Stored data
========================================

(* In the setting of the construction below, if $a_{ii}\not\equiv0\pmod n$ for some $i$, then the associator $\Phi$ of $A$ is nontrivial, and the quasi-Hopf algebra $A$ (with coproduct $\Delta_{\mathbb J}$ and associator $\Phi$) is not twist equivalent to a Hopf algebra.
   Context: Setting: $n\ge2$, $q$ a primitive root of unity of order $n^2$, $m\ge1$; $H$ a finite dimensional Hopf algebra over $\mathbb{C}$ generated by grouplike $g_1,\dots,g_m$ and $e_1,\dots,e_m$ with $g_i^{n^2}=1$, $g_ig_j=g_jg_i$, $g_ie_jg_i^{-1}=q^{\delta_{ij}}e_j$, $\Delta(e_i)=e_i\otimes K_i+1\otimes e_i$, $K_i=\prod_jg_j^{a_{ij}}$, $a_{ij}\in\mathbb{Z}_{n^2}$; $H$ admits a Hopf algebra projection onto $\mathbb{C}[(\mathbb{Z}_{n^2})^m]$ via $g_i\mapsto g_i$, $e_i\mapsto0$. $A\subset H$ is the subalgebra generated by the $g_i^n$ and $e_i$. With $1_\beta$ the primitive idempotents of $\mathbb{C}[g_1,\dots,g_m]$ ($1_\beta g_i=q^{\beta_i}1_\beta$), $c(z,y)=q^{-z(y-y')}$ ($z,y\in\{0,\dots,n^2-1\}$, $y'$ = remainder of $y$ mod $n$), $\mathbb J=\sum_{\beta,\gamma}\prod_{i,j}c(\beta_i,\gamma_j)^{a_{ij}}1_\beta\otimes1_\gamma$, $\Delta_{\mathbb J}(z)=\mathbb J\Delta(z)\mathbb J^{-1}$, and $\Phi=(1\otimes\mathbb J)(\mathrm{id}\otimes\Delta)(\mathbb J)(\Delta\otimes\mathrm{id})(\mathbb J^{-1})(\mathbb J^{-1}\otimes1)$. It is known (and may be assumed) that $A$ with $\Delta_{\mathbb J}$ and $\Phi$ is a quasi-Hopf algebra. Twist equivalence means isomorphism after twisting by an invertible element of $A\otimes A$. *)

(* Finite-dimensional Hopf algebras over C (= algC) are
   encoded by structure constants with respect to a basis indexed by 'I_d.
   Elements of H, H⊗H, H⊗H⊗H are coordinate functions on basis indices. *)
From HB Require Import structures.
From mathcomp Require Import all_boot all_order all_algebra.
From mathcomp Require Import algC.
Set Implicit Arguments. Unset Strict Implicit. Unset Printing Implicit Defensive.
Import Order.TTheory GRing.Theory Num.Theory.
Local Open Scope ring_scope.

(* Structure constants of an algebra/coalgebra with antipode on basis b_0..b_{d-1}:
   b_i b_j = sum_k mu i j k b_k,  1 = sum_k un k b_k,
   Delta b_i = sum_{j,k} cop i j k b_j ⊗ b_k,  eps b_i = cou i,
   S b_i = sum_j ant i j b_j. *)
Definition scl (T : finType) (c : algC) (x : {ffun T -> algC}) : {ffun T -> algC} :=
  [ffun k => c * x k].

Record HData (d : nat) := {
  hmu  : 'I_d -> 'I_d -> 'I_d -> algC;
  hun  : 'I_d -> algC;
  hcop : 'I_d -> 'I_d -> 'I_d -> algC;
  hcou : 'I_d -> algC;
  hant : 'I_d -> 'I_d -> algC }.

Section Hopf.
Variables (d : nat) (D : HData d).

(* H, H⊗H, H⊗H⊗H in coordinates (NB: never use the pointwise ring
   structure of ffun; only + and *: are used). *)
Local Notation H1 := {ffun 'I_d -> algC}.
Local Notation H2 := {ffun 'I_d * 'I_d -> algC}.
Local Notation H3 := {ffun 'I_d * 'I_d * 'I_d -> algC}.

Definition bvec (a : 'I_d) : H1 := [ffun k => (k == a)%:R].

Definition mulH (x y : H1) : H1 :=
  [ffun k => \sum_i \sum_j x i * y j * hmu D i j k].
Definition oneH : H1 := [ffun k => hun D k].
Definition powH (x : H1) (k : nat) : H1 := iter k (mulH x) oneH.

Definition tens2 (x y : H1) : H2 := [ffun p => x p.1 * y p.2].
Definition tens3 (x y z : H1) : H3 := [ffun p => x p.1.1 * y p.1.2 * z p.2].
Definition mul2 (X Y : H2) : H2 :=
  [ffun p => \sum_a \sum_b X a * Y b * hmu D a.1 b.1 p.1 * hmu D a.2 b.2 p.2].
Definition mul3 (X Y : H3) : H3 :=
  [ffun p => \sum_a \sum_b X a * Y b * hmu D a.1.1 b.1.1 p.1.1
                * hmu D a.1.2 b.1.2 p.1.2 * hmu D a.2 b.2 p.2].
Definition one2 : H2 := tens2 oneH oneH.
Definition one3 : H3 := tens3 oneH oneH oneH.

Definition tens1l (X : H2) : H3 := [ffun p => oneH p.1.1 * X (p.1.2, p.2)].
Definition tens1r (X : H2) : H3 := [ffun p => X p.1 * oneH p.2].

========================================

**Task prompt**
The records above need to be retyped exactly.

**Result of the exercise**
(* In the setting of the construction below, if $a_{ii}\not\equiv0\pmod n$ for some $i$, then the associator $\Phi$ of $A$ is nontrivial, and the quasi-Hopf algebra $A$ (with coproduct $\Delta_{\mathbb J}$ and associator $\Phi$) is not twist equivalent to a Hopf algebra.
   Context: Setting: $n\ge2$, $q$ a primitive root of unity of order $n^2$, $m\ge1$; $H$ a finite dimensional Hopf algebra over $\mathbb{C}$ generated by grouplike $g_1,\dots,g_m$ and $e_1,\dots,e_m$ with $g_i^{n^2}=1$, $g_ig_j=g_jg_i$, $g_ie_jg_i^{-1}=q^{\delta_{ij}}e_j$, $\Delta(e_i)=e_i\otimes K_i+1\otimes e_i$, $K_i=\prod_jg_j^{a_{ij}}$, $a_{ij}\in\mathbb{Z}_{n^2}$; $H$ admits a Hopf algebra projection onto $\mathbb{C}[(\mathbb{Z}_{n^2})^m]$ via $g_i\mapsto g_i$, $e_i\mapsto0$. $A\subset H$ is the subalgebra generated by the $g_i^n$ and $e_i$. With $1_\beta$ the primitive idempotents of $\mathbb{C}[g_1,\dots,g_m]$ ($1_\beta g_i=q^{\beta_i}1_\beta$), $c(z,y)=q^{-z(y-y')}$ ($z,y\in\{0,\dots,n^2-1\}$, $y'$ = remainder of $y$ mod $n$), $\mathbb J=\sum_{\beta,\gamma}\prod_{i,j}c(\beta_i,\gamma_j)^{a_{ij}}1_\beta\otimes1_\gamma$, $\Delta_{\mathbb J}(z)=\mathbb J\Delta(z)\mathbb J^{-1}$, and $\Phi=(1\otimes\mathbb J)(\mathrm{id}\otimes\Delta)(\mathbb J)(\Delta\otimes\mathrm{id})(\mathbb J^{-1})(\mathbb J^{-1}\otimes1)$. It is known (and may be assumed) that $A$ with $\Delta_{\mathbb J}$ and $\Phi$ is a quasi-Hopf algebra. Twist equivalence means isomorphism after twisting by an invertible element of $A\otimes A$. *)

(* Finite-dimensional Hopf algebras over C (= algC) are
   encoded by structure constants with respect to a basis indexed by 'I_d.
   Elements of H, H⊗H, H⊗H⊗H are coordinate functions on basis indices. *)
From HB Require Import structures.
From mathcomp Require Import all_boot all_order all_algebra.
From mathcomp Require Import algC.
Set Implicit Arguments. Unset Strict Implicit. Unset Printing Implicit Defensive.
Import Order.TTheory GRing.Theory Num.Theory.
Local Open Scope ring_scope.

(* Structure constants of an algebra/coalgebra with antipode on basis b_0..b_{d-1}:
   b_i b_j = sum_k mu i j k b_k,  1 = sum_k un k b_k,
   Delta b_i = sum_{j,k} cop i j k b_j ⊗ b_k,  eps b_i = cou i,
   S b_i = sum_j ant i j b_j. *)
Definition scl (T : finType) (c : algC) (x : {ffun T -> algC}) : {ffun T -> algC} :=
  [ffun k => c * x k].

Record HData (d : nat) := {
  hmu  : 'I_d -> 'I_d -> 'I_d -> algC;
  hun  : 'I_d -> algC;
  hcop : 'I_d -> 'I_d -> 'I_d -> algC;
  hcou : 'I_d -> algC;
  hant : 'I_d -> 'I_d -> algC }.

Section Hopf.
Variables (d : nat) (D : HData d).

(* H, H⊗H, H⊗H⊗H in coordinates (NB: never use the pointwise ring
   structure of ffun; only + and *: are used). *)
Local Notation H1 := {ffun 'I_d -> algC}.
Local Notation H2 := {ffun 'I_d * 'I_d -> algC}.
Local Notation H3 := {ffun 'I_d * 'I_d * 'I_d -> algC}.

Definition bvec (a : 'I_d) : H1 := [ffun k => (k == a)%:R].

Definition mulH (x y : H1) : H1 :=
  [ffun k => \sum_i \sum_j x i * y j * hmu D i j k].
Definition oneH : H1 := [ffun k => hun D k].
Definition powH (x : H1) (k : nat) : H1 := iter k (mulH x) oneH.

Definition tens2 (x y : H1) : H2 := [ffun p => x p.1 * y p.2].
Definition tens3 (x y z : H1) : H3 := [ffun p => x p.1.1 * y p.1.2 * z p.2].
Definition mul2 (X Y : H2) : H2 :=
  [ffun p => \sum_a \sum_b X a * Y b * hmu D a.1 b.1 p.1 * hmu D a.2 b.2 p.2].
Definition mul3 (X Y : H3) : H3 :=
  [ffun p => \sum_a \sum_b X a * Y b * hmu D a.1.1 b.1.1 p.1.1
                * hmu D a.1.2 b.1.2 p.1.2 * hmu D a.2 b.2 p.2].
Definition one2 : H2 := tens2 oneH oneH.
Definition one3 : H3 := tens3 oneH oneH oneH.

Definition tens1l (X : H2) : H3 := [ffun p => oneH p.1.1 * X (p.1.2, p.2)].
Definition tens1r (X : H2) : H3 := [ffun p => X p.1 * oneH p.2].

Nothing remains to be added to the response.